PyTorch has been the most widely used deep learning library for research since 2019 by a wide margin. In short, for many practitioners and researchers, PyTorch offers just the right balance between usability and features.

1. PyTorch is a tensor library that extends the concept of array-oriented programming library NumPy with the additional feature of accelerated computation on GPUs, thus providing a seamless switch between CPUs and GPUs.

2. PyTorch is an automatic differentiation engine, also known as autograd, which enables the automatic computation of gradients for tensor operations, simplifying backpropagation and model optimization.
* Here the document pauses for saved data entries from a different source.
(* Splitting off at v = b e1: the path a e1 -e1- v -e2- w becomes one edge
   a e1 -e1- w and e2 becomes a loop at v.  Degrees are unchanged, and an
   orientation of the new graph lifts back by orienting e2 so that it
   continues e1 through v. *)
Section SplitOff.
Variables (a b : E -> V) (e1 e2 : E).
Hypotheses (ne21 : e2 != e1) (odd_e2 : odd ((a e2 == b e1) + (b e2 == b e1))).

Let v := b e1.
Let s := a e2 == v.
Let w := if s then b e2 else a e2.

Lemma split_off_ends : (if s then a e2 else b e2) = v /\ w != v.
Proof.
move: odd_e2; rewrite /w /s -/v.
by case: (a e2 =P v) => [-> | ne_av] /=; case: (b e2 =P v) => //= b_v;
  split=> //; apply/eqP.
Qed.

Lemma split_off_count z : (a e2 == z) + (b e2 == z) = (v == z) + (w == z).
Proof. by move: split_off_ends; rewrite /w; case: s => -[<- _] //; apply: addnC. Qed.

Definition split_a e := if e == e2 then v else a e.
Definition split_b e := if e == e1 then w else if e == e2 then v else b e.
Definition split_lift o e := if e == e2 then o e1 == s else o e.

Let ne12 : e1 != e2. Proof. by rewrite eq_sym. Qed.

Lemma split_off_e1 : split_a e1 = a e1 /\ split_b e1 = w.
Proof. by rewrite /split_a /split_b eqxx (negbTE ne12). Qed.

Lemma split_off_e2 : split_a e2 = v /\ split_b e2 = v.
Proof. by rewrite /split_a /split_b eqxx (negbTE ne21). Qed.

Lemma split_off_other e : e != e1 -> e != e2 -> split_a e = a e /\ split_b e = b e.
Proof. by move=> ne1 ne2; rewrite /split_a /split_b (negbTE ne1) (negbTE ne2). Qed.

Lemma degree_split_off z : degree split_a split_b z = degree a b z.
Proof.
apply: eq_bigD2 ne12 _ _; last by move=> e ne1 ne2; case: (split_off_other ne1 ne2) => -> ->.
have [-> ->] := split_off_e1; have [-> ->] := split_off_e2.
rewrite split_off_count /v; lia.
Qed.

Lemma nonloops_split_off : a e1 != v -> nonloops split_a split_b < nonloops a b.
Proof.
move=> ne1; rewrite /nonloops !(bigD2 _ ne12).
rewrite (eq_bigr (fun e => (a e != b e : nat))); last first.
  by move=> e /andP[ne1' ne2']; case: (split_off_other ne1' ne2') => -> ->.
have [-> ->] := split_off_e2; have [-> ->] := split_off_e1.
have ne2 : a e2 != b e2.
  by move: split_off_ends; rewrite /w; case: s => -[->] //; rewrite eq_sym.
rewrite -/v eqxx ne1 ne2 /=; case: (_ != _) => /=; lia.
Qed.

Lemma outdeg_split_off o z :
  outdeg a b (split_lift o) z = outdeg split_a split_b o z /\
  outdeg b a (split_lift o) z = outdeg split_b split_a o z.
Proof.
have lift_other e : e != e1 -> e != e2 -> split_lift o e = o e.
  by move=> _ ne2; rewrite /split_lift (negbTE ne2).
have lift_e1 : split_lift o e1 = o e1 by rewrite /split_lift (negbTE ne12).
have lift_e2 : split_lift o e2 = (o e1 == s) by rewrite /split_lift eqxx.
split; apply: (eq_bigD2 ne12) => [|e ne1 ne2]; rewrite /tail;
  try by rewrite lift_other //; case: (split_off_other ne1 ne2) => -> ->.
all: rewrite lift_e1 lift_e2; have [-> ->] := split_off_e1; have [-> ->] := split_off_e2.
all: move: split_off_ends; rewrite /w; case: (o e1); case: s => -[-> _] /=.
all: by rewrite if_same -/v // addnC.
Qed.

End SplitOff.

Theorem balanced_orientation a b : (forall v, ~~ odd (degree a b v)) ->
  exists o, forall v, outdeg a b o v = outdeg b a o v.
Proof.
have [n] := ubnP (nonloops a b); elim: n a b => // n IH a b lt_n even_deg.
case: (pickP (fun e => a e != b e)) => [e1 ne1 | all_loops]; last first.
  exists (fun _ => true) => v; apply: eq_bigr => e _; rewrite /tail.
  by move: (all_loops e) => /= /negbFE/eqP ->.
have odd_e1 : odd ((a e1 == b e1) + (b e1 == b e1)) by rewrite (negbTE ne1) eqxx.
have [e2 ne21 odd_e2] := odd_sum_other (even_deg (b e1)) odd_e1.
have even_split z : ~~ odd (degree (split_a a b e1 e2) (split_b a b e1 e2) z).
  by rewrite degree_split_off.
have [o bal] := IH _ _ (leq_trans (nonloops_split_off ne21 odd_e2 ne1) lt_n) even_split.
exists (split_lift a b e1 e2 o) => z.
by have [-> ->] := outdeg_split_off ne21 odd_e2 o z; apply: bal.
Qed.

End BalancedOrientation.

Lemma sum_nat_card (T : finType) (P : pred T) : \sum_t (P t : nat) = #|[set t | P t]|.
Proof. by rewrite -sum1dep_card [RHS]big_mkcond; apply: eq_bigr => t _; case: (P t). Qed.

Lemma sum_nat0 (T : finType) (P : pred T) : (forall t, ~~ P t) -> \sum_t (P t : nat) = 0.
Proof. by move=> notP; apply: big1 => t _; rewrite (negbTE (notP t)). Qed.

Lemma sum_nat_split (T : finType) (P Q : pred T) :
  \sum_t (P t : nat) = \sum_t (P t && Q t : nat) + \sum_t (P t && ~~ Q t : nat).
Proof. by rewrite -big_split; apply: eq_bigr => t _; case: (P t); case: (Q t). Qed.

Lemma sum_nat_eqb (T : finType) (P Q : pred T) b : \sum_t (P t && (Q t == b) : nat) =
  if b then \sum_t (P t && Q t : nat) else \sum_t (P t && ~~ Q t : nat).
Proof. by case: b; apply: eq_bigr => t _; case: (Q t); rewrite ?andbT ?andbF. Qed.

Lemma sum_nat_reindex (T U : finType) (f : T -> U) (r : U -> T) (P Q : pred T) :
  (forall u, P (r u) /\ f (r u) = u) -> (forall t, P t -> t = r (f t)) ->
  \sum_t (P t && Q t : nat) = \sum_u (Q (r u) : nat).
Proof.
move=> rK fK; rewrite (partition_big f xpredT) //=; apply: eq_bigr => u _.
have [Pr fr] := rK u; rewrite (bigD1 (r u)) /=; last by rewrite fr.
rewrite Pr big1 ?addn0 // => t /andP[/eqP ftu ntr].
by case Pt: (P t) => //=; move: ntr; rewrite (fK t Pt) ftu eqxx.
Qed.

Definition the1 (T : finType) (t0 : T) (P : pred T) := odflt t0 [pick t | P t].

Section UniqueChoice.
Variables (T : finType) (t0 : T) (P : pred T).
Hypothesis P_one : \sum_t (P t : nat) = 1.

Lemma the1P : P (the1 t0 P).
Proof.
by rewrite /the1; case: pickP => // P0; move: P_one; rewrite sum_nat0 // => t; rewrite P0.
Qed.

Lemma the1_uniq t : P t -> t = the1 t0 P.
Proof.
move=> Pt; move: P_one; rewrite sum_nat_card => /mem_card1[z eq_z].
by move: (eq_z t) (eq_z (the1 t0 P)); rewrite !inE Pt the1P => /esym/eqP-> /esym/eqP->.
Qed.

End UniqueChoice.

Lemma map_uniq_inj_in (T U : eqType) (f : T -> U) (s : seq T) :
  uniq (map f s) -> {in s &, injective f}.
Proof.
elim: s => //= z s IH /andP[fz_notin uniq_fs] x y; rewrite !inE.
case/predU1P=> [->|xs] /predU1P[->|ys] // eq_f.
- by move: fz_notin; rewrite eq_f map_f.
- by move: fz_notin; rewrite -eq_f map_f.
- exact: IH.
Qed.

Lemma mem_flatten_filter (T U : eqType) (k : U -> seq T) (P : pred T) s t :
  (t \in flatten [seq [seq x <- k u | P x] | u <- s]) = P t && has (fun u => t \in k u) s.
Proof.
elim: s => [|u s IH] /=; first by rewrite andbF.
by rewrite mem_cat mem_filter IH andb_orr.
Qed.

Lemma eqF_of_map (T U : eqType) (f : T -> U) x y : f x != f y -> (x == y) = false.
Proof. by apply: contraNF => /eqP->. Qed.

Lemma interval_of_perm (T : eqType) (col : T -> nat) (inc : pred T) (es : seq T) a :
  0 < size es -> (forall e, inc e = (e \in es)) -> perm_eq (map col es) (iota a (size es)) ->
  (forall e f, e != f -> inc e -> inc f -> col e != col f) /\
  exists a' b', forall n, (exists2 e, inc e & col e = n) <-> (a' <= n <= b').
Proof.
move=> es_gt0 inc_es col_es; split.
  move=> e f ne_ef; rewrite !inc_es => es_e es_f; apply: contraNN ne_ef => /eqP.
  have uniq_col : uniq (map col es) by rewrite (perm_uniq col_es) iota_uniq.
  by move/(map_uniq_inj_in uniq_col es_e es_f) ->.
exists a, (a + size es).-1 => n; split.
  case=> e; rewrite inc_es => es_e <-.
  have : col e \in iota a (size es) by rewrite -(perm_mem col_es) map_f.
  by rewrite mem_iota; lia.
move=> n_in; have : n \in map col es.
  by rewrite (perm_mem col_es) mem_iota; lia.
by case/mapP => e es_e ->; exists e; rewrite ?inc_es.
Qed.

Section Construction.
Variables (X Y E : finType) (ex : E -> X) (ey : E -> Y).
Variables (F : {set E}) (Y' : {set Y}) (e0 : E).
Hypotheses (degX3 : forall x, degX ex x = 3) (degY4 : forall y, degY ey y = 4).
Hypotheses (F_Y' : forall e, e \in F -> ey e \in Y')
  (F_degX : forall x, #|[set e in F | ex e == x]| = 2)
  (F_degY : forall y, y \in Y' -> #|[set e in F | ey e == y]| = 4).

Lemma deg_x x : \sum_e (ex e == x : nat) = 3.
Proof. by rewrite sum_nat_card -(degX3 x). Qed.

Lemma deg_y y : \sum_e (ey e == y : nat) = 4.
Proof. by rewrite sum_nat_card -(degY4 y). Qed.

Lemma F_deg_x x : \sum_e ((e \in F) && (ex e == x) : nat) = 2.
Proof. by rewrite sum_nat_card -(F_degX x). Qed.

Lemma F_deg_y y : y \in Y' -> \sum_e ((e \in F) && (ey e == y) : nat) = 4.
Proof. by move=> Y'y; rewrite sum_nat_card -(F_degY Y'y). Qed.

Lemma F_deg_hub c : c \notin Y' -> \sum_e ((e \in F) && (ey e == c) : nat) = 0.
Proof.
move=> hub_c; apply: sum_nat0 => e; apply/negP => /andP[/F_Y' + /eqP ey_c].
by rewrite ey_c (negbTE hub_c).
Qed.

Lemma sum_nat_splitF (P : pred E) :
  \sum_e (P e : nat) = \sum_e ((e \in F) && P e : nat) + \sum_e ((e \notin F) && P e : nat).
Proof. by rewrite -big_split; apply: eq_bigr => e _; case: (e \in F); case: (P e). Qed.

Lemma nonF_deg_x x : \sum_e ((e \notin F) && (ex e == x) : nat) = 1.
Proof. by move: (deg_x x); rewrite sum_nat_splitF F_deg_x; lia. Qed.

Lemma nonF_deg_y y : y \in Y' -> \sum_e ((e \notin F) && (ey e == y) : nat) = 0.
Proof. by move=> Y'y; move: (deg_y y); rewrite sum_nat_splitF (F_deg_y Y'y); lia. Qed.

Lemma nonF_deg_hub c : c \notin Y' -> \sum_e ((e \notin F) && (ey e == c) : nat) = 4.
Proof. by move=> hub_c; move: (deg_y c); rewrite sum_nat_splitF (F_deg_hub hub_c); lia. Qed.

Lemma nonF_hub e : e \notin F -> ey e \notin Y'.
Proof.
move=> nFe; apply/negP => Y'e; move: (nonF_deg_y Y'e).
by rewrite (bigD1 e) //= nFe eqxx.
Qed.

(* The vertices of [Y] outside [Y'] are the hubs; the edges outside [F] join
   each [x] to a hub.  To orient [F] we keep the edges outside [F] as loops. *)
Definition h_src e : X + Y := inl (ex e).
Definition h_dst e : X + Y := if e \in F then inr (ey e) else inl (ex e).

Lemma even_degree_h v : ~~ odd (degree h_src h_dst v).
Proof.
case: v => [x|y]; rewrite /degree.
  rewrite (eq_bigr (fun e => (ex e == x) + ((e \notin F) && (ex e == x)))).
    by rewrite big_split /= deg_x nonF_deg_x.
  by move=> e _; rewrite /h_src /h_dst; case: (e \in F).
rewrite (eq_bigr (fun e => ((e \in F) && (ey e == y) : nat))).
  by case: (boolP (y \in Y')) => [/F_deg_y | /F_deg_hub] ->.
by move=> e _; rewrite /h_src /h_dst; case: (e \in F).
Qed.

Section ForwardEdges.
Variable o1 : E -> bool.
Hypothesis bal1 : forall v, outdeg h_src h_dst o1 v = outdeg h_dst h_src o1 v.

Definition fwd e := (e \in F) && o1 e.
Definition bwd e := (e \in F) && ~~ o1 e.

Lemma sum_nat_fwd_bwd (P : pred E) : \sum_e ((e \in F) && P e : nat) =
  \sum_e (fwd e && P e : nat) + \sum_e (bwd e && P e : nat).
Proof.
rewrite -big_split; apply: eq_bigr => e _.
by rewrite /fwd /bwd; case: (e \in F); case: (o1 e); case: (P e).
Qed.

Lemma fwd_bwd_deg_x x : \sum_e (fwd e && (ex e == x) : nat) = 1 /\
                        \sum_e (bwd e && (ex e == x) : nat) = 1.
Proof.
have := bal1 (inl x); rewrite /outdeg.
rewrite (eq_bigr (fun e => (fwd e && (ex e == x) : nat) + ((e \notin F) && (ex e == x)))); last first.
  by move=> e _; rewrite /tail /h_src /h_dst /fwd; case: (o1 e); case: (e \in F); rewrite /= ?addn0 ?add0n.
rewrite [RHS](eq_bigr (fun e => (bwd e && (ex e == x) : nat) + ((e \notin F) && (ex e == x)))); last first.
  by move=> e _; rewrite /tail /h_src /h_dst /bwd; case: (o1 e); case: (e \in F); rewrite /= ?addn0 ?add0n.
by have := F_deg_x x; rewrite sum_nat_fwd_bwd !big_split /=; lia.
Qed.

Lemma fwd_bwd_deg_y y : y \in Y' -> \sum_e (fwd e && (ey e == y) : nat) = 2 /\
                                   \sum_e (bwd e && (ey e == y) : nat) = 2.
Proof.
move=> Y'y; have := bal1 (inr y); rewrite /outdeg.
rewrite (eq_bigr (fun e => (bwd e && (ey e == y) : nat))); last first.
  by move=> e _; rewrite /tail /h_src /h_dst /bwd; case: (o1 e); case: (e \in F); rewrite /= ?addn0 ?add0n.
rewrite [RHS](eq_bigr (fun e => (fwd e && (ey e == y) : nat))); last first.
  by move=> e _; rewrite /tail /h_src /h_dst /fwd; case: (o1 e); case: (e \in F); rewrite /= ?addn0 ?add0n.
by have := F_deg_y Y'y; rewrite sum_nat_fwd_bwd; lia.
Qed.

Definition fwd_edge x := the1 e0 (fun e => fwd e && (ex e == x)).
Definition bwd_edge x := the1 e0 (fun e => bwd e && (ex e == x)).
Definition hub_edge x := the1 e0 (fun e => (e \notin F) && (ex e == x)).

Lemma fwd_edgeP x : fwd (fwd_edge x) /\ ex (fwd_edge x) = x.
Proof. by have /andP[-> /eqP] := the1P e0 (proj1 (fwd_bwd_deg_x x)). Qed.

Lemma bwd_edgeP x : bwd (bwd_edge x) /\ ex (bwd_edge x) = x.
Proof. by have /andP[-> /eqP] := the1P e0 (proj2 (fwd_bwd_deg_x x)). Qed.

Lemma hub_edgeP x : hub_edge x \notin F /\ ex (hub_edge x) = x.
Proof. by have /andP[-> /eqP] := the1P e0 (nonF_deg_x x). Qed.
3. PyTorch is a deep learning library, meaning that it offers modular, flexible, and efficient building blocks (including pre-trained models, loss functions, and optimizers) for designing and training a wide range of deep learning models, catering to both researchers and developers.


In [None]:
import torch

In [None]:
torch.cuda.is_available()

In [None]:
tensor0d = torch.tensor(1) 
tensor1d = torch.tensor([1, 2, 3])
tensor2d = torch.tensor([[1, 2, 2], [3, 4, 5]])
tensor3d = torch.tensor([[[1, 2], [3, 4]], [[5, 6], [7, 8]]])

In [None]:
print(tensor1d.dtype)

In [None]:
torch.tensor([1.0, 2.0, 3.0]).dtype

In [None]:
tensor2d

In [None]:
tensor2d.shape

In [None]:
print(tensor2d.reshape(3, 2))

In [None]:
print(tensor2d.T)

In [None]:
print(tensor2d.matmul(tensor2d.T))

In [None]:
print(tensor2d @ tensor2d.T)

more info on [pytorch](https://pytorch.org/docs/stable/tensors.html)

## Data Modeling
Let's take one variable (`xs`) and one target variable (`ys` - target).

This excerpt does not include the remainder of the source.